En su charla “Images of God”, Alan Watts cuenta la historia de un astronauta que viaja al espacio y al que, al volver, le preguntan si había estado en el cielo y había visto a Dios. El astronauta responde que sí. Entonces le preguntan, “Bueno, ¿y qué pasa con Dios?”, a lo que responde: “Ella es negra”.
Si esta historia nos desconcierta o produce risa, es posible que sea porque desde hace muchos siglos, al menos en Occidente, al menos en Colombia, no concebimos ni representamos a dios como una mujer, sino, como bien se puede ver en cualquiera de la mayoría de los templos y escritos religiosos dominantes, como un hombre viejo.
Se puede plantear que no, que dios no tiene sexo, lo cual, en realidad, no es tan cierto.
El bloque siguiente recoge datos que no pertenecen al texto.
Lemma grad_sqr_le w : dotp (grad L w) (grad L w) <= G w ^+ 2.
Proof.
rewrite -[leLHS]sqr_sqrtr ?dotpp_ge0 //.
by rewrite ler_sqr ?nnegrE ?sqrtr_ge0 ?mean_sigm_ge0 // norm_grad_le.
Qed.

Lemma logistic_loss_step_le (eta : R) w : 0 < eta -> eta * G w <= 2/5 ->
  L (w - eta *: grad L w) <= L w - eta * dotp (grad L w) (grad L w) / 3.
Proof.
move=> eta_gt0 small_step.
have := dotp_grad (grad L w) w.
set v := grad L w; set N := dotp v v; set g := G w => vvE.
have N0 : 0 <= N := dotpp_ge0 v.
pose z i := y i * dotp (x i) w; pose a i := y i * dotp (x i) v.
have step_i i : logl (y i * dotp (x i) (w - eta *: v)) <=
    logl (z i) + eta * (sigm (z i) * a i) + 5/3 * eta ^+ 2 * N * sigm (z i).
  have -> : y i * dotp (x i) (w - eta *: v) = z i + - (eta * a i).
    by rewrite dotpBr dotpZr /z /a; ring.
  have a_le : `|a i| <= g := le_trans (abs_margin_le i v) (norm_grad_le w).
  have a_sqr : a i ^+ 2 <= N := sqr_margin_le i v.
  apply: le_trans (logl_quad_ub _ _) _.
    by rewrite normrN normrM gtr0_norm // (le_trans _ small_step) // ler_pM2l // a_le.
  rewrite sqrrN exprMn.
  have : sigm (z i) * (eta ^+ 2 * a i ^+ 2) <= sigm (z i) * (eta ^+ 2 * N).
    by rewrite ler_wpM2l ?(ltW (sigm_gt0 _)) // ler_wpM2l ?sqr_ge0.
  lra.
have ninv_ge0 : 0 <= n%:R^-1 :> R by rewrite invr_ge0 ler0n.
have sum_le : \sum_(i < n) logl (y i * dotp (x i) (w - eta *: v)) <= \sum_(i < n)
    (logl (z i) + eta * (sigm (z i) * a i) + 5/3 * eta ^+ 2 * N * sigm (z i)).
  exact: ler_sum.
have E1 : n%:R^-1 * \sum_(i < n) eta * (sigm (z i) * a i) = - (eta * N).
  by rewrite vvE -mulr_sumr mulrCA mulrN opprK.
have E2 : n%:R^-1 * \sum_(i < n) 5/3 * eta ^+ 2 * N * sigm (z i) =
    5/3 * eta ^+ 2 * N * g by rewrite -mulr_sumr mulrCA.
have := ler_wpM2l ninv_ge0 sum_le.
rewrite !big_split /= !mulrDr E1 E2 -!logistic_lossE => h; apply: le_trans h _.
have : eta * g * (eta * N) <= 2/5 * (eta * N).
  by apply: ler_wpM2r; [exact: mulr_ge0 (ltW eta_gt0) N0 | exact: small_step].
rewrite expr2; lra.
Qed.

Variables (ws : 'rV[R]_d) (gamma : R).
Hypothesis margin_ws : forall i, gamma <= y i * dotp (x i) ws.
Hypothesis ws_unit : dotp ws ws = 1.
Hypothesis gamma_gt0 : 0 < gamma.

Lemma dotp_ws_grad_le w : dotp ws (grad L w) <= - (gamma * G w).
Proof.
rewrite dotp_grad lerN2 /mean_sigm mulrCA ler_wpM2l ?invr_ge0 ?ler0n // mulr_sumr.
apply: ler_sum => i _.
by rewrite mulrC ler_wpM2l //; exact: ltW (sigm_gt0 _).
Qed.

Lemma sqr_gamma_mean_sigm_le_grad w : (gamma * G w) ^+ 2 <= dotp (grad L w) (grad L w).
Proof.
have := dotp_sqr_le ws (grad L w); rewrite ws_unit mul1r; apply: le_trans.
have := dotp_ws_grad_le w; have := mulr_ge0 (ltW gamma_gt0) (mean_sigm_ge0 w).
rewrite !expr2; nra.
Qed.

Lemma logistic_loss_scale_le c : 0 <= c -> L (c *: ws) <= expR (- (c * gamma)).
Proof.
move=> c0; rewrite logistic_lossE; have [n0|n_gt0] := posnP n.
  by rewrite (_ : n%:R^-1 = 0) ?mul0r ?expR_ge0 // n0 invr0.
have : \sum_(i < n) logl (y i * dotp (x i) (c *: ws)) <= \sum_(i < n) expR (- (c * gamma)).
  apply: ler_sum => i _; apply: le_trans (logl_le_expR _) _.
  by rewrite ler_expR lerN2 dotpZr mulrCA ler_wpM2l.
by rewrite sumr_const card_ord ler_pdivrMl ?ltr0n // mulr_natl.
Qed.

Variable eta : R.
Hypothesis eta_gt0 : 0 < eta.
Local Notation W := (gd L eta).

Lemma gd_margin_ge t : eta * gamma * \sum_(k < t) G (W k) <= dotp (W t) ws.
Proof.
elim: t => [|t IH]; first by rewrite big_ord0 mulr0 /= dotpC dotp0r.
rewrite big_ord_recr /= mulrDr dotpBl dotpZl (dotpC (grad L _)).
have := ler_wpM2l (ltW eta_gt0) (dotp_ws_grad_le (W t)); lra.
Qed.

(* The comparator [(c1 + c2) *: ws] splits in two: [c1 *: ws] has loss at most
   [expR (- (c1 * gamma))], while [c2 *: ws] absorbs the [eta ^+ 2] term of each step. *)
Lemma gd_dist_le c1 c2 t : 0 <= c1 -> 0 <= c2 -> 2 * c2 * gamma = eta ->
  dotp (W t - (c1 + c2) *: ws) (W t - (c1 + c2) *: ws) <=
    (c1 + c2) ^+ 2 + 2 * eta * t%:R * expR (- (c1 * gamma)).
Proof.
move=> c1_ge0 c2_ge0 c2E; set c := c1 + c2.
elim: t => [|t IH].
  rewrite /= dotpBZ_expand dotpC !dotp0r ws_unit; lra.
set v := grad L (W t).
have -> : W t.+1 - c *: ws = (W t - c *: ws) - eta *: v by rewrite /= addrAC.
rewrite dotpBZ_expand [dotp (W t - _) v]dotpBl dotpZl -[t.+1]addn1 natrD.
have tangent : - dotp (W t) v + c1 * dotp ws v <= expR (- (c1 * gamma)).
  have := logistic_loss_tangent_le (c1 *: ws) (W t).
  have := logistic_loss_scale_le c1_ge0; have := logistic_loss_ge0 (W t).
  rewrite dotpBl dotpZl; lra.
have G0 := mean_sigm_ge0 (W t); have G1 := mean_sigm_le1 (W t).
have vv_le : dotp v v <= G (W t).
  by apply: le_trans (grad_sqr_le _) _; rewrite expr2 ler_piMl.
have h1 := ler_wpM2l (ltW eta_gt0) tangent.
have h2 := ler_wpM2l (mulr_ge0 (ltW eta_gt0) c2_ge0) (dotp_ws_grad_le (W t)).
rewrite -/v in h2.
have h3 := ler_wpM2l (sqr_ge0 eta) vv_le.
have h4 : 2 * (eta * c2 * (gamma * G (W t))) = eta ^+ 2 * G (W t) by rewrite -c2E; ring.
move: IH; rewrite /c; lra.
Qed.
Si fuera tal, daría lo mismo hablarle (si le hablamos) de señora o diosa. ¿Da lo mismo realmente? ¿No sería extraño ver escrito, por ejemplo, “la casa de la señora”, en femenino y en minúscula, que “la casa del Señor”?
Ahora, el sexo de la entidad superior es apenas un aspecto, que parece menor frente a preguntas sobre si existe, tiene conciencia o tiene un carácter ordenador o no. Sin embargo, si asumimos que el lenguaje es el filtro con el que nos relacionamos con el mundo, con el que damos importancia y diferenciamos lo que nos rodea, algún efecto debe tener que la entidad superior con la que nos relacionamos (si lo hacemos) sea un hombre que siempre se escribe con mayúscula inicial, algún efecto en la idea que tenemos de lo que asumimos como femenino y masculino y un efecto distinto si uno se asume como mujer, hombre o no binario.
Detenerse en esta relación es un gran ejercicio que, en realidad, nos puede dar más ideas sobre nosotros que sobre la entidad como tal. No se requiere mucho para generar el desconcierto: tan solo empezar a nombrar a esa entidad con el sexo opuesto al que utilizamos a diario. Quizás nos ayude a recordar la cantidad de respuestas que damos por sentadas, en buena medida establecidas por donde hemos nacido.
En ocasiones, recibimos estas respuestas incluso antes de que nos hiciéramos las preguntas. Esto no significa que sean ciertas, sino, solo, que alguien más asumió que eran las correctas y que bien valía que las asumiéramos como tal.